*What the task requires*. Each line below from the one containing "Implicit Types (f g : fps K) (a b : K)." through the one containing "Proof. by rewrite coef_mul big_ord1. Qed." is to be given again exactly, and no line outside that span.

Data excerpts
··········

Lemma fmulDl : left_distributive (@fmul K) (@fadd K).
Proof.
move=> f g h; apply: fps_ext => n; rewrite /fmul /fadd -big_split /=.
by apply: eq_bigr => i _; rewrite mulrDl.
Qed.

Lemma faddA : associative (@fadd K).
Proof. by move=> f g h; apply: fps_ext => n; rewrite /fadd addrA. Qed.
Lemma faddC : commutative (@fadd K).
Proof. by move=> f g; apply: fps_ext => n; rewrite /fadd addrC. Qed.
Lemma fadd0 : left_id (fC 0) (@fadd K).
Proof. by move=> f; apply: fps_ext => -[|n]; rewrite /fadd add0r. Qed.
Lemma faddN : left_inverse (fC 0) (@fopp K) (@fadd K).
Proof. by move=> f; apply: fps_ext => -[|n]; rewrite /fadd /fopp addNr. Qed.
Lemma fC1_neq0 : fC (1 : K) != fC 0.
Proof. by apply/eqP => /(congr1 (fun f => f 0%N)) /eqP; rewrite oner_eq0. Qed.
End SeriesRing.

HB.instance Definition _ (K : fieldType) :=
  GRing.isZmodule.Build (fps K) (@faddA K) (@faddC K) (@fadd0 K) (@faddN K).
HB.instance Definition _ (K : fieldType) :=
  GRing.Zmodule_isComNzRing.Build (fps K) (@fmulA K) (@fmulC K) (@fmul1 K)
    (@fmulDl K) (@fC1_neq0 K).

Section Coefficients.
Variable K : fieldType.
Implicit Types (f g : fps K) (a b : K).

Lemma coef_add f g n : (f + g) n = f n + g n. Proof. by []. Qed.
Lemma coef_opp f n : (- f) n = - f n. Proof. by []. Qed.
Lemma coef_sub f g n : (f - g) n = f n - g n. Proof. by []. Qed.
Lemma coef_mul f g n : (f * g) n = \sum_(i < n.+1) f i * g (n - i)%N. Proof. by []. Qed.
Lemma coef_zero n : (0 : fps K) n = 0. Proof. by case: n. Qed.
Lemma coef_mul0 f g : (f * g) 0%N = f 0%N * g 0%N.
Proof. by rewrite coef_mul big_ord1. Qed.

··········

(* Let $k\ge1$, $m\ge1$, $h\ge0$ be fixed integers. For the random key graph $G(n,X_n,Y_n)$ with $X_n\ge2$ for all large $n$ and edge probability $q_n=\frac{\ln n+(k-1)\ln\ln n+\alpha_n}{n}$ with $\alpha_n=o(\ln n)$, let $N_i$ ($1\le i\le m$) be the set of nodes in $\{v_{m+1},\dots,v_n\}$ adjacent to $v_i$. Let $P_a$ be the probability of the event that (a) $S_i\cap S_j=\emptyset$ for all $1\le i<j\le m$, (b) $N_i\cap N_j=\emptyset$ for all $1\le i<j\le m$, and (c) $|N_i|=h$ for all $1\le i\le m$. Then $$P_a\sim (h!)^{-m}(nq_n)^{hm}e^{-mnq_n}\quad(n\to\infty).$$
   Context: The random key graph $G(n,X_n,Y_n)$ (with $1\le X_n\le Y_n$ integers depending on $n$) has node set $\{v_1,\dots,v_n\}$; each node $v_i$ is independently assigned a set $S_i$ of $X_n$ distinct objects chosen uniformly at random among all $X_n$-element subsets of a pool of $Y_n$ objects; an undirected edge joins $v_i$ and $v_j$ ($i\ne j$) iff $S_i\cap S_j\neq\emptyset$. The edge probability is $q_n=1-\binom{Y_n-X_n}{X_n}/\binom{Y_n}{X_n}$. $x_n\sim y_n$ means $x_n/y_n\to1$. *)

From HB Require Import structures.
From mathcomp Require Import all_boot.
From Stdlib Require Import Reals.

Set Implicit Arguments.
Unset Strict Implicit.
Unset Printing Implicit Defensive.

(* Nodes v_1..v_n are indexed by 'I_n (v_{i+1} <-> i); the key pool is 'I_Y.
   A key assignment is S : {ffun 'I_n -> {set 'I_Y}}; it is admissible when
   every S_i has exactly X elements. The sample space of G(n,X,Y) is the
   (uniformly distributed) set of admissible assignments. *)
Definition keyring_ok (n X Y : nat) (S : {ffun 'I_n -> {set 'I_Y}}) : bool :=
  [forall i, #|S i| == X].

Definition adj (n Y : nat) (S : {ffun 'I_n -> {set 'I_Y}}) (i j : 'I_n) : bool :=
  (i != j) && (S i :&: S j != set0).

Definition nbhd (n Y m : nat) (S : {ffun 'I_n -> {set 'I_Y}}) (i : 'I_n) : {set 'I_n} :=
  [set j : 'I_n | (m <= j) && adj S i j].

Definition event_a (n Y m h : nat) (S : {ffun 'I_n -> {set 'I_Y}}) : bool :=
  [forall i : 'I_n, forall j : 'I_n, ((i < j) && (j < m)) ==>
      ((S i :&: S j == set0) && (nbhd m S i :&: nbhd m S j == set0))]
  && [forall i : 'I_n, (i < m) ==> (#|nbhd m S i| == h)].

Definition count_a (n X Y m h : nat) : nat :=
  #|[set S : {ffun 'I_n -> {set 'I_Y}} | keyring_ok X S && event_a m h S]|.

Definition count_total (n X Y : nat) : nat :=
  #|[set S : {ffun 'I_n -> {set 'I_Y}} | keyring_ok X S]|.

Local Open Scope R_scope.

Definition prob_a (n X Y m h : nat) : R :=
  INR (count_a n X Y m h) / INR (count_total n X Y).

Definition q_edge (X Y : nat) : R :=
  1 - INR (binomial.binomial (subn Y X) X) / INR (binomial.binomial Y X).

··········

*Written answer*.
Implicit Types (f g : fps K) (a b : K).

Lemma coef_add f g n : (f + g) n = f n + g n. Proof. by []. Qed.
Lemma coef_opp f n : (- f) n = - f n. Proof. by []. Qed.
Lemma coef_sub f g n : (f - g) n = f n - g n. Proof. by []. Qed.
Lemma coef_mul f g n : (f * g) n = \sum_(i < n.+1) f i * g (n - i)%N. Proof. by []. Qed.
Lemma coef_zero n : (0 : fps K) n = 0. Proof. by case: n. Qed.
Lemma coef_mul0 f g : (f * g) 0%N = f 0%N * g 0%N.
Proof. by rewrite coef_mul big_ord1. Qed.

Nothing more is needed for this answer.